* EXERCISE INPUTS
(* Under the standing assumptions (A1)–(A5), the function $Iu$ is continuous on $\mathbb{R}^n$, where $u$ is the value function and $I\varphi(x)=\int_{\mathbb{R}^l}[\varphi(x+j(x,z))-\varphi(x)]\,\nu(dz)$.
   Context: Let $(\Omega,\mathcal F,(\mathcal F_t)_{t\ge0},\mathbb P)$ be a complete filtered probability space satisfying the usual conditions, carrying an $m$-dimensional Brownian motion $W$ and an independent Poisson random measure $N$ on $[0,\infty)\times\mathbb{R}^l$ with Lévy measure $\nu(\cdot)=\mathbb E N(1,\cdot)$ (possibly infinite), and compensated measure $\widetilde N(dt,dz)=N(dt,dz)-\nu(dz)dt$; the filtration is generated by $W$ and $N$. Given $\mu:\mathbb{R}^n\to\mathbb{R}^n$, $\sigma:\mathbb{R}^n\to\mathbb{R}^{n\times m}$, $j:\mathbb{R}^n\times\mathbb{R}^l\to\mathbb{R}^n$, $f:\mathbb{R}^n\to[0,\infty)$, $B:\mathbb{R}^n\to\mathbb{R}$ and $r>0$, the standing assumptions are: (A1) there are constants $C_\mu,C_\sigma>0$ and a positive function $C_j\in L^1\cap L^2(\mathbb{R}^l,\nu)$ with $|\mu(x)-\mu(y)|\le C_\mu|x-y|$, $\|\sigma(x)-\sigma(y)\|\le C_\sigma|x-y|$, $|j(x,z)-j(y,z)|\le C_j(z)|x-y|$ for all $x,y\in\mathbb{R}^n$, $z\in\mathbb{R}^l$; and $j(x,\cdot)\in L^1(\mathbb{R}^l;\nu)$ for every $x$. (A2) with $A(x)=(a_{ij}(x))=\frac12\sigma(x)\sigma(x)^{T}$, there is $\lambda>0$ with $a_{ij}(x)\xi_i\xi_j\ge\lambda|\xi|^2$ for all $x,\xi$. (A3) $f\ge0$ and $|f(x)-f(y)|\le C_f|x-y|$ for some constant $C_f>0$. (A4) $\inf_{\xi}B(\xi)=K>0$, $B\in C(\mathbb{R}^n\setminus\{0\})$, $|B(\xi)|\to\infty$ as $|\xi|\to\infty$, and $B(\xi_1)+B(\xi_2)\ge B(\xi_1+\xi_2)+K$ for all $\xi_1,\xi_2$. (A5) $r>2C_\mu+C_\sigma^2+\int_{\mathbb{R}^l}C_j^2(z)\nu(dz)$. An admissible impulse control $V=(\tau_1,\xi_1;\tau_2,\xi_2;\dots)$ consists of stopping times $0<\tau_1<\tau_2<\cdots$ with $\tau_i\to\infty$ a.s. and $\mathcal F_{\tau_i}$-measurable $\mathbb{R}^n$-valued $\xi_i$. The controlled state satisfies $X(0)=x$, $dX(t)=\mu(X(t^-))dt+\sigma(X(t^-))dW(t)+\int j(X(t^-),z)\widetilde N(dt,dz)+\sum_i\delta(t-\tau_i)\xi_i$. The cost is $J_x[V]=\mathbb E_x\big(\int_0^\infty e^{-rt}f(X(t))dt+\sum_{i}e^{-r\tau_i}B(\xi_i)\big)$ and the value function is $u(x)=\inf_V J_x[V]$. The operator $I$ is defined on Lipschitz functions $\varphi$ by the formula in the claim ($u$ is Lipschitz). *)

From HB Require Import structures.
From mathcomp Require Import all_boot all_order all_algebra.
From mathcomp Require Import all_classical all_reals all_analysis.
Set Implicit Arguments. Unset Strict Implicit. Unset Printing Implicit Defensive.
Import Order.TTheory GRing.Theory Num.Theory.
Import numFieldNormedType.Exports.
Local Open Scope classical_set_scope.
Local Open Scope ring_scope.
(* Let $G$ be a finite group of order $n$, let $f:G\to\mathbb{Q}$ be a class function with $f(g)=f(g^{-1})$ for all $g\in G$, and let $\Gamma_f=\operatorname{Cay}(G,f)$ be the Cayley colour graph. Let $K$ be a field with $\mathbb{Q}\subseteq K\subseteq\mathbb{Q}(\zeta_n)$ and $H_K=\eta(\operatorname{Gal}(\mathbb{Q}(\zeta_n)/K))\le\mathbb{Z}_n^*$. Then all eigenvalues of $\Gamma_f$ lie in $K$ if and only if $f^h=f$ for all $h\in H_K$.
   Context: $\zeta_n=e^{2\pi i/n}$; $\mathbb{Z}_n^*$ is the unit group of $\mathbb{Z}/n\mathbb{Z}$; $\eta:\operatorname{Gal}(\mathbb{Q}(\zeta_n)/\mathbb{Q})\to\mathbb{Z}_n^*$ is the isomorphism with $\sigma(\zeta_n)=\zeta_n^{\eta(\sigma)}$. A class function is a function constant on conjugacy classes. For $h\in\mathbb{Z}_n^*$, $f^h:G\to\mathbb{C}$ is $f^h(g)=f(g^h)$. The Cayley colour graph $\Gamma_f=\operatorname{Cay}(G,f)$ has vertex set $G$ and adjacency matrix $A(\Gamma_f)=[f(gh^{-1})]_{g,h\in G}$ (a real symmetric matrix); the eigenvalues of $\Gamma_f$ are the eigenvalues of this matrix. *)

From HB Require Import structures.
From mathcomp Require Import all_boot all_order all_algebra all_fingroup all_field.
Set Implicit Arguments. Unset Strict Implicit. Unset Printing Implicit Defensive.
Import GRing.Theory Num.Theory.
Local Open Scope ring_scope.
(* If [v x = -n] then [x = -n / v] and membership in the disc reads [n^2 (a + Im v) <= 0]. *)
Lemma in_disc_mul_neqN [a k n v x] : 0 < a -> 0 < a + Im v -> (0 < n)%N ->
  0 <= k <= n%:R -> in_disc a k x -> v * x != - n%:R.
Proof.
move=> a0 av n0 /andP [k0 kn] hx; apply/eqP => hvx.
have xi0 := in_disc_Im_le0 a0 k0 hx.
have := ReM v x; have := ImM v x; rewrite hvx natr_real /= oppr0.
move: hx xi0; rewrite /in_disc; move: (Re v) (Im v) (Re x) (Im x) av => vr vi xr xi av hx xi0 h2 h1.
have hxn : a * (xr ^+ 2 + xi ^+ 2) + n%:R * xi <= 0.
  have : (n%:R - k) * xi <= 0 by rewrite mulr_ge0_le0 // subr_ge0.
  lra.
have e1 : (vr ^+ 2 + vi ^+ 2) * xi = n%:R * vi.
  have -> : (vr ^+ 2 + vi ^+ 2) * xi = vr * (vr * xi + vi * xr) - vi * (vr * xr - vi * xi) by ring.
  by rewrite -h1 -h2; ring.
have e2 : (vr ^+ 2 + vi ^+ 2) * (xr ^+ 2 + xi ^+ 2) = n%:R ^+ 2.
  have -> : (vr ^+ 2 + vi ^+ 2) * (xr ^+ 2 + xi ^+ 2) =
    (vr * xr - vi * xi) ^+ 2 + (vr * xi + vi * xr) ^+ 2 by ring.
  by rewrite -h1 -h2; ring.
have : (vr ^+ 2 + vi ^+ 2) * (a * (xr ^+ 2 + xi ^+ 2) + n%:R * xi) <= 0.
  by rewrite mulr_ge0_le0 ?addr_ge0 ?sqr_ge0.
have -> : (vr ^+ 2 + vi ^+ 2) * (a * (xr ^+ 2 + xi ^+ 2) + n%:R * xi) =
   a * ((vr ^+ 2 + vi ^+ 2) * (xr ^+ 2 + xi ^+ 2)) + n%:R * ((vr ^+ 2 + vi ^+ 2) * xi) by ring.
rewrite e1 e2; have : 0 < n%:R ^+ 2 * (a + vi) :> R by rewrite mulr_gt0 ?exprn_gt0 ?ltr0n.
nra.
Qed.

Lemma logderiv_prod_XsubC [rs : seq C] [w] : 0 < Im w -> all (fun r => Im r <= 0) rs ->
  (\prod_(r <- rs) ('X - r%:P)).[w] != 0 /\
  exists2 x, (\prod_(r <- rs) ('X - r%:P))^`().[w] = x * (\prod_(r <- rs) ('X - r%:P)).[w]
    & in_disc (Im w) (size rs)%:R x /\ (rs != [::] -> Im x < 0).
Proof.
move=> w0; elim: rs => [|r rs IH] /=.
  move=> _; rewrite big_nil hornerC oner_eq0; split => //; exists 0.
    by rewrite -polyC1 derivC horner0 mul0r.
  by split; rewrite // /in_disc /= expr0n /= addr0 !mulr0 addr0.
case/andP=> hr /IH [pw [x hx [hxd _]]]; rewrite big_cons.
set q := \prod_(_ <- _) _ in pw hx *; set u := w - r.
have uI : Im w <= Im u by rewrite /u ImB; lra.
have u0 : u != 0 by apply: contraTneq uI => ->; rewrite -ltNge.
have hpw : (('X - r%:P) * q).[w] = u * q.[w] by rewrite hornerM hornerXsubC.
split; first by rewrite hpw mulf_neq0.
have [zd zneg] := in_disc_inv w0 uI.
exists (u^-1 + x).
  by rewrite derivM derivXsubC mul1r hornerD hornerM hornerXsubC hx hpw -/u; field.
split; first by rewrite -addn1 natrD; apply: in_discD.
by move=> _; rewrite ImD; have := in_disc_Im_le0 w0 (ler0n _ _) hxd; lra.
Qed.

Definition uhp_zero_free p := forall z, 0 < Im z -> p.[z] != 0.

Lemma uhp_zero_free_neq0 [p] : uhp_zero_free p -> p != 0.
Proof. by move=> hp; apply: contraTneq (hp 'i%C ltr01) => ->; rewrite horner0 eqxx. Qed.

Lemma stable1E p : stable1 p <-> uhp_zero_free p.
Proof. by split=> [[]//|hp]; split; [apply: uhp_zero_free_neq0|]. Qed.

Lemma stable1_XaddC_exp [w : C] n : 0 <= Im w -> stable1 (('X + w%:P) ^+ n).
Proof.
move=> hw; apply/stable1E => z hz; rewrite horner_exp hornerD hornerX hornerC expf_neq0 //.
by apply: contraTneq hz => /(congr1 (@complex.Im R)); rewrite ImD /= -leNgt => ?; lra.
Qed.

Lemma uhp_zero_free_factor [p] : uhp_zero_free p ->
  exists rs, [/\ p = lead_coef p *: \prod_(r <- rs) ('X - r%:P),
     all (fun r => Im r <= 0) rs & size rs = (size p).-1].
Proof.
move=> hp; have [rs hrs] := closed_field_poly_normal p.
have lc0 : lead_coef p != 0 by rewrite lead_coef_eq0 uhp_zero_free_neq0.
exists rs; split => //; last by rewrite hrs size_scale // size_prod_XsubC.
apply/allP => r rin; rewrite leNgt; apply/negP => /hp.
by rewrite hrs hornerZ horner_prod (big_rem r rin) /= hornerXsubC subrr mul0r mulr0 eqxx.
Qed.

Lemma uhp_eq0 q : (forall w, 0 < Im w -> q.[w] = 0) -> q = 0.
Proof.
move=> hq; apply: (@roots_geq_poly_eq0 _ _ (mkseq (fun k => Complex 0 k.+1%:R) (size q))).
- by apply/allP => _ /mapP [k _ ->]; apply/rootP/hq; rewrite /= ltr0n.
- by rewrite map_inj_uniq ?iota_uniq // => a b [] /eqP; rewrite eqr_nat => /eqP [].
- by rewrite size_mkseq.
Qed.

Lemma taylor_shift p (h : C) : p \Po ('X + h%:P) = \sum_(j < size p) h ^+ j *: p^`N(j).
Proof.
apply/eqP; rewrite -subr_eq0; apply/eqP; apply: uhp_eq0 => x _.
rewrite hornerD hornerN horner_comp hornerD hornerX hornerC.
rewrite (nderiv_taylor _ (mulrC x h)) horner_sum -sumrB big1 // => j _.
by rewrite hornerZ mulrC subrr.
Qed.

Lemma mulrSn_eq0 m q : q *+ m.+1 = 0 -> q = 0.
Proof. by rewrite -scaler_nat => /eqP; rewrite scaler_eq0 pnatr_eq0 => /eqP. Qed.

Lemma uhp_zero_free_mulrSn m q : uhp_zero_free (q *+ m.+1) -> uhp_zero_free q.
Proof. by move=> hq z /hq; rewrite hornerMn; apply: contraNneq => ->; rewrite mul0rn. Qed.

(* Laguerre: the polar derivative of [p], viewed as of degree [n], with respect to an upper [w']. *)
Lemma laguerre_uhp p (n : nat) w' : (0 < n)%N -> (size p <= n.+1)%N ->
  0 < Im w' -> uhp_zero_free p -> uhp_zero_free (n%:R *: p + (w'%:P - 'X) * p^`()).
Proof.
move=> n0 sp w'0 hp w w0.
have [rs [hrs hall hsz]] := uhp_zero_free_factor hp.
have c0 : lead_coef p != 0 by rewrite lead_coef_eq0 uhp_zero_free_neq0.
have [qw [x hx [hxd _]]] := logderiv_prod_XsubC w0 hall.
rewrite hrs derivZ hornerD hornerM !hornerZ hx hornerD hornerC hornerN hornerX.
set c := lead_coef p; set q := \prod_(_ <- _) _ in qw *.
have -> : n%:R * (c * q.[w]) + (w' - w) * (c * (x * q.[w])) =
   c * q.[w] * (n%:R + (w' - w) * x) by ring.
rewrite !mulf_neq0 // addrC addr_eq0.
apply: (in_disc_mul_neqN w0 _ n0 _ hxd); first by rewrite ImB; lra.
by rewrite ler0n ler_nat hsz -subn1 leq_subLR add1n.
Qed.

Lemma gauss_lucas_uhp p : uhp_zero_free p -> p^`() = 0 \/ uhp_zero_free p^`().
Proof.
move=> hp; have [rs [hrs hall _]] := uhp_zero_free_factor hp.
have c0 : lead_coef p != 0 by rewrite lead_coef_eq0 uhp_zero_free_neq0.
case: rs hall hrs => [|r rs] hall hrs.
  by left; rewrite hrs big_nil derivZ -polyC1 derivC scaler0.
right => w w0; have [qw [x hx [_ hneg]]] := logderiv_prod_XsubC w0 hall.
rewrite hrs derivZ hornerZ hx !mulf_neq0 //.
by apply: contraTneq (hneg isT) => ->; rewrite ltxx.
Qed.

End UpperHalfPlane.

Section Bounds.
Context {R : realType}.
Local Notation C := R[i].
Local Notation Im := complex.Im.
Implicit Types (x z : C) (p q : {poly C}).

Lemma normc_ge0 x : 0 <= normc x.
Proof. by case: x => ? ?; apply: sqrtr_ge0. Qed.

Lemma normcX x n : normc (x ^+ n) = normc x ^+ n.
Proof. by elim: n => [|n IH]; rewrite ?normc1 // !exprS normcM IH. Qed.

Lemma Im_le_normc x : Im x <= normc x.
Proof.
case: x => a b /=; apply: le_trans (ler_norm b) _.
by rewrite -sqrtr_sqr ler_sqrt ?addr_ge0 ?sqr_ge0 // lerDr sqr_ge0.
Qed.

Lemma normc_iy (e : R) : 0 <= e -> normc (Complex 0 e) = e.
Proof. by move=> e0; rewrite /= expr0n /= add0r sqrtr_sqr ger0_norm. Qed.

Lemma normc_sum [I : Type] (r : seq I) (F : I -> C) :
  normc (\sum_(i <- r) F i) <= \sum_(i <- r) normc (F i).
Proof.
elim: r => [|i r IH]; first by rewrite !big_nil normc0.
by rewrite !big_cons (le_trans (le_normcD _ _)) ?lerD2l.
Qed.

* WHAT YOU HAVE TO DO
Copy the lines of the data above exactly as written, beginning with the line containing "have : (n%:R" and ending with the line containing "Lemma uhp_zero_free_neq0 [p]", and leave out all other lines.

* RESPONSE AREA
  have : (n%:R - k) * xi <= 0 by rewrite mulr_ge0_le0 // subr_ge0.
  lra.
have e1 : (vr ^+ 2 + vi ^+ 2) * xi = n%:R * vi.
  have -> : (vr ^+ 2 + vi ^+ 2) * xi = vr * (vr * xi + vi * xr) - vi * (vr * xr - vi * xi) by ring.
  by rewrite -h1 -h2; ring.
have e2 : (vr ^+ 2 + vi ^+ 2) * (xr ^+ 2 + xi ^+ 2) = n%:R ^+ 2.
  have -> : (vr ^+ 2 + vi ^+ 2) * (xr ^+ 2 + xi ^+ 2) =
    (vr * xr - vi * xi) ^+ 2 + (vr * xi + vi * xr) ^+ 2 by ring.
  by rewrite -h1 -h2; ring.
have : (vr ^+ 2 + vi ^+ 2) * (a * (xr ^+ 2 + xi ^+ 2) + n%:R * xi) <= 0.
  by rewrite mulr_ge0_le0 ?addr_ge0 ?sqr_ge0.
have -> : (vr ^+ 2 + vi ^+ 2) * (a * (xr ^+ 2 + xi ^+ 2) + n%:R * xi) =
   a * ((vr ^+ 2 + vi ^+ 2) * (xr ^+ 2 + xi ^+ 2)) + n%:R * ((vr ^+ 2 + vi ^+ 2) * xi) by ring.
rewrite e1 e2; have : 0 < n%:R ^+ 2 * (a + vi) :> R by rewrite mulr_gt0 ?exprn_gt0 ?ltr0n.
nra.
Qed.

Lemma logderiv_prod_XsubC [rs : seq C] [w] : 0 < Im w -> all (fun r => Im r <= 0) rs ->
  (\prod_(r <- rs) ('X - r%:P)).[w] != 0 /\
  exists2 x, (\prod_(r <- rs) ('X - r%:P))^`().[w] = x * (\prod_(r <- rs) ('X - r%:P)).[w]
    & in_disc (Im w) (size rs)%:R x /\ (rs != [::] -> Im x < 0).
Proof.
move=> w0; elim: rs => [|r rs IH] /=.
  move=> _; rewrite big_nil hornerC oner_eq0; split => //; exists 0.
    by rewrite -polyC1 derivC horner0 mul0r.
  by split; rewrite // /in_disc /= expr0n /= addr0 !mulr0 addr0.
case/andP=> hr /IH [pw [x hx [hxd _]]]; rewrite big_cons.
set q := \prod_(_ <- _) _ in pw hx *; set u := w - r.
have uI : Im w <= Im u by rewrite /u ImB; lra.
have u0 : u != 0 by apply: contraTneq uI => ->; rewrite -ltNge.
have hpw : (('X - r%:P) * q).[w] = u * q.[w] by rewrite hornerM hornerXsubC.
split; first by rewrite hpw mulf_neq0.
have [zd zneg] := in_disc_inv w0 uI.
exists (u^-1 + x).
  by rewrite derivM derivXsubC mul1r hornerD hornerM hornerXsubC hx hpw -/u; field.
split; first by rewrite -addn1 natrD; apply: in_discD.
by move=> _; rewrite ImD; have := in_disc_Im_le0 w0 (ler0n _ _) hxd; lra.
Qed.

Definition uhp_zero_free p := forall z, 0 < Im z -> p.[z] != 0.

Lemma uhp_zero_free_neq0 [p] : uhp_zero_free p -> p != 0.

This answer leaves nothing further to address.